Reducing the number of package dependencies
Closed this issue · 6 comments
Hi Bioconductor team,
Is it possible to rework BiocFileCache a bit to not depend on quite so many tidyverse packages?
This is looking pretty heavy at the moment:
Depends | R (>= 3.4.0), dbplyr (>= 1.0.0)
Imports | methods, stats, utils, dplyr, RSQLite, DBI, filelock, curl, httr
AcidDevTools::packageDependencies("BiocFileCache")
## [1] "dbplyr" "methods" "stats" "utils" "dplyr"
## [6] "RSQLite" "DBI" "filelock" "curl" "httr"
## [11] "blob" "cli" "glue" "lifecycle" "magrittr"
## [16] "pillar" "purrr" "R6" "rlang" "tibble"
## [21] "tidyr" "tidyselect" "vctrs" "withr" "generics"
## [26] "jsonlite" "mime" "openssl" "bit64" "memoise"
## [31] "pkgconfig" "plogr" "cpp11" "bit" "cachem"
## [36] "tools" "askpass" "fansi" "utf8" "stringr"
## [41] "graphics" "grDevices" "sys" "fastmap" "stringi"
Happy to help work on this!
Best,
Mike
In particular, can we take out the dplyr / dbplyr dependencies?
> packageDependencies("dplyr")
[1] "cli" "generics" "glue" "lifecycle" "magrittr"
[6] "methods" "pillar" "R6" "rlang" "tibble"

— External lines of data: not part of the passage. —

(* In the setting described in the context, there is $M>0$ independent of $\epsilon\in(0,1)$ such that for all $(x,y)\in\mathbb{R}^2$ and $t\ge0$, $$|\rho^\epsilon(x,y,t)|\le\frac{M}{\epsilon^{2\alpha}},\qquad \Big|\frac{\partial\rho^\epsilon}{\partial x}(x,y,t)\Big|,\ \Big|\frac{\partial\rho^\epsilon}{\partial y}(x,y,t)\Big|\le\frac{M}{\epsilon^{3\alpha}}.$$
   Context: Let $\mathcal{C}_b(\mathbb{R}^2)$ be the Banach space of bounded continuous real functions on $\mathbb{R}^2$ with sup norm; for real $u$, $u^+=\max(0,u)$, $u^-=\max(0,-u)$. For $0<\epsilon<1$ let $u^\epsilon,v^\epsilon:\mathbb{R}^2\times[0,\infty)\to\mathbb{R}$ be $2\pi$-periodic in $x$ and in $y$, with $t\mapsto u^\epsilon(\cdot,\cdot,t),v^\epsilon(\cdot,\cdot,t)$ continuous into $\mathcal{C}_b(\mathbb{R}^2)$ and bounded uniformly in $\epsilon,x,y,t$. Let $\rho_0^\epsilon\in\mathcal{C}_b(\mathbb{R}^2)$ be $2\pi$-periodic in each variable with $\sup_\epsilon\int_{[-\pi,\pi]^2}|\rho_0^\epsilon|<\infty$. Let $X^\epsilon$ be the global $\mathcal{C}^1$ solution $[0,\infty)\to\mathcal{C}_b(\mathbb{R}^2)$ of $X^\epsilon(x,y,0)=\rho_0^\epsilon(x,y)$ and $$\frac{d}{dt}X^\epsilon(x,y,t)=\frac1\epsilon\big[(X^\epsilon u^{\epsilon+})(x-\epsilon,y,t)-(X^\epsilon|u^\epsilon|)(x,y,t)+(X^\epsilon u^{\epsilon-})(x+\epsilon,y,t)+(X^\epsilon v^{\epsilon+})(x,y-\epsilon,t)-(X^\epsilon|v^\epsilon|)(x,y,t)+(X^\epsilon v^{\epsilon-})(x,y+\epsilon,t)\big].$$ Let $\phi\in\mathcal{C}^\infty(\mathbb{R}^2)$ have compact support with $\int\phi=1$, $\alpha\in]0,1]$, $\phi_{\epsilon^\alpha}(x,y)=\epsilon^{-2\alpha}\phi(x/\epsilon^\alpha,y/\epsilon^\alpha)$, and $\rho^\epsilon(x,y,t)=(X^\epsilon(\cdot,\cdot,t)*\phi_{\epsilon^\alpha})(x,y)$. *)

From Stdlib Require Import Reals Lra.
From Coquelicot Require Import Coquelicot.
Open Scope R_scope.

Definition cont2 (f : R -> R -> R) : Prop :=
  forall x y, continuous (fun p : R * R => f (fst p) (snd p)) (x, y).

Definition Cb (f : R -> R -> R) : Prop :=
  cont2 f /\ exists B, forall x y, Rabs (f x y) <= B.

Definition periodic2 (f : R -> R -> R) : Prop :=
  forall x y, f (x + 2 * PI) y = f x y /\ f x (y + 2 * PI) = f x y.

(* t |-> F(.,.,t) is continuous [0,oo) -> C_b(R^2) (sup norm) *)
Definition cont_Cb (F : R -> R -> R -> R) : Prop :=
  (forall t, 0 <= t -> Cb (fun x y => F x y t)) /\
  forall t, 0 <= t -> forall e, 0 < e -> exists d, 0 < d /\
    forall s, 0 <= s -> Rabs (s - t) < d ->
      forall x y, Rabs (F x y s - F x y t) <= e.

(* D(.,.,t) is the derivative at t of t |-> F(.,.,t) in C_b(R^2) (sup norm),
   one-sided at t = 0 *)
Definition has_Cb_deriv (F D : R -> R -> R -> R) (t : R) : Prop :=
  forall e, 0 < e -> exists d, 0 < d /\
    forall h, h <> 0 -> 0 <= t + h -> Rabs h < d ->
      forall x y, Rabs ((F x y (t + h) - F x y t) / h - D x y t) <= e.

Definition pos (a : R) : R := Rmax 0 a.
Definition neg (a : R) : R := Rmax 0 (- a).

Definition rhs (eps : R) (u v X : R -> R -> R -> R) (x y t : R) : R :=
  / eps * ( X (x - eps) y t * pos (u (x - eps) y t)
          - X x y t * Rabs (u x y t)
          + X (x + eps) y t * neg (u (x + eps) y t)
          + X x (y - eps) t * pos (v x (y - eps) t)
          - X x y t * Rabs (v x y t)
          + X x (y + eps) t * neg (v x (y + eps) t)).

Definition is_C1_solution (eps : R) (u v X : R -> R -> R -> R)
    (r0 : R -> R -> R) : Prop :=
  cont_Cb X /\
  (forall x y, X x y 0 = r0 x y) /\
  (forall t, 0 <= t -> has_Cb_deriv X (rhs eps u v X) t) /\
  cont_Cb (rhs eps u v X).

Definition dx (f : R -> R -> R) : R -> R -> R :=
  fun x y => Derive (fun x' => f x' y) x.
Definition dy (f : R -> R -> R) : R -> R -> R :=
  fun x y => Derive (fun y' => f x y') y.

Fixpoint Ck (k : nat) (f : R -> R -> R) : Prop :=
  match k with
  | O => cont2 f
  | S k' => cont2 f /\
      (forall x y, ex_derive (fun x' => f x' y) x) /\
      (forall x y, ex_derive (fun y' => f x y') y) /\
      Ck k' (dx f) /\ Ck k' (dy f)
  end.

Definition smooth2 (f : R -> R -> R) : Prop := forall k, Ck k f.

Definition compact_support2 (f : R -> R -> R) : Prop :=
  exists K, forall a b, K < Rabs a \/ K < Rabs b -> f a b = 0.

Definition int_R2 (f : R -> R -> R) : R :=
  RInt_gen (fun a => RInt_gen (fun b => f a b)
                       (Rbar_locally m_infty) (Rbar_locally p_infty))
           (Rbar_locally m_infty) (Rbar_locally p_infty).

Definition int_cell (f : R -> R -> R) : R :=
  RInt (fun a => RInt (fun b => f a b) (- PI) PI) (- PI) PI.

Definition moll (phi : R -> R -> R) (delta : R) : R -> R -> R :=
  fun a b => / (delta ^ 2) * phi (a / delta) (b / delta).

Definition conv2 (f g : R -> R -> R) (x y : R) : R :=
  int_R2 (fun a b => f (x - a) (y - b) * g a b).

Definition rho (X : R -> R -> R -> R -> R) (phi : R -> R -> R) (alpha : R)
    (eps x y t : R) : R :=
  conv2 (fun a b => X eps a b t) (moll phi (Rpower eps alpha)) x y.

From Pilot Require Import Defs.
From Stdlib Require Import Reals Lra Classical ClassicalEpsilon FunctionalExtensionality.
From Coquelicot Require Import Coquelicot.
Open Scope R_scope.

(** The scheme is a linear evolution equation, commuting with translations and
    Lipschitz in the sup norm, so its solution is unique and inherits the
    2pi-periodicity of the data.  It is also an upwind scheme: testing it
    against the derivative of the smoothed modulus [sqrt (X^2 + d^2)] and using
    periodicity to cancel the transport terms over the period cell shows that
    the L1 norm of [X^eps(t)] on the cell never exceeds that of [rho0^eps],
    uniformly in [eps].  Finally [rho^eps] integrates [X^eps] against the kernel
    [phi_delta], [delta = eps^alpha], which is [O(delta^-2)] (its derivatives
    [O(delta^-3)]) and supported in a square of side [O(1)], a square that
    meets a bounded number of period cells. *)

Lemma continuous_of_eps_delta (f : R -> R) (x : R) :
  (forall e, 0 < e -> exists d, 0 < d /\ forall y, Rabs (y - x) < d -> Rabs (f y - f x) < e) ->
  continuous f x.
Proof.
  intros H. apply continuity_pt_filterlim.
  intros e He. destruct (H e He) as [d [Hd H']].
  exists d; split; auto. intros y [_ Hy]. apply H'. exact Hy.
Qed.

[11] "tidyselect" "utils" "vctrs" "fansi" "utf8"
[16] "pkgconfig" "withr" "grDevices" "graphics" "stats"
> packageDependencies("dbplyr")
[1] "blob" "cli" "DBI" "dplyr" "glue"
[6] "lifecycle" "magrittr" "methods" "pillar" "purrr"
[11] "R6" "rlang" "tibble" "tidyr" "tidyselect"
[16] "utils" "vctrs" "withr" "generics" "fansi"
[21] "utf8" "pkgconfig" "stringr" "cpp11" "graphics"
[26] "grDevices" "stats" "stringi" "tools"
Here's current session info after only attaching BiocFileCache:
> library(BiocFileCache)
Loading required package: dbplyr
> sessionInfo()
R version 4.3.1 (2023-06-16)
Platform: x86_64-apple-darwin20 (64-bit)
Running under: macOS Ventura 13.5.2
Matrix products: default
BLAS: /Library/Frameworks/R.framework/Versions/4.3-x86_64/Resources/lib/libRblas.0.dylib
LAPACK: /Library/Frameworks/R.framework/Versions/4.3-x86_64/Resources/lib/libRlapack.dylib; LAPACK version 3.11.0
locale:
[1] en_US.UTF-8/en_US.UTF-8/en_US.UTF-8/C/en_US.UTF-8/en_US.UTF-8
time zone: America/New_York
tzcode source: internal
attached base packages:
[1] stats graphics grDevices utils datasets methods base
other attached packages:
[1] BiocFileCache_2.8.0 dbplyr_2.3.3 AcidDevTools_0.6.15
loaded via a namespace (and not attached):
[1] vctrs_0.6.3 httr_1.4.7 cli_3.6.1 rlang_1.1.1
[5] DBI_1.1.3 generics_0.1.3 glue_1.6.2 bit_4.0.5
[9] fansi_1.0.4 filelock_1.0.2 tibble_3.2.1 fastmap_1.1.1
[13] lifecycle_1.0.3 memoise_2.0.1 compiler_4.3.1 dplyr_1.1.3
[17] RSQLite_2.3.1 blob_1.2.4 pkgconfig_2.0.3 R6_2.5.1
[21] tidyselect_1.2.0 utf8_1.2.3 pillar_1.9.0 curl_5.0.2
[25] parallel_4.3.1 magrittr_2.0.3 tools_4.3.1 bit64_4.0.5
[29] cachem_1.0.8
>
the results and output are currently in dplyr tbl and thus use the functions accordingly to filter/mutate/summarize. It was a conscious effort to use more tidy like structures for the package.
The downside with that though is any other package that imports BiocFileCache requires all those additional dependencies, and it really starts to add up if you import any other informatics tools
I'm still not in favor of restructuring the entire package just for the sake of relieving the dependency. The tidy structures are stable and provide for efficient and condensed code.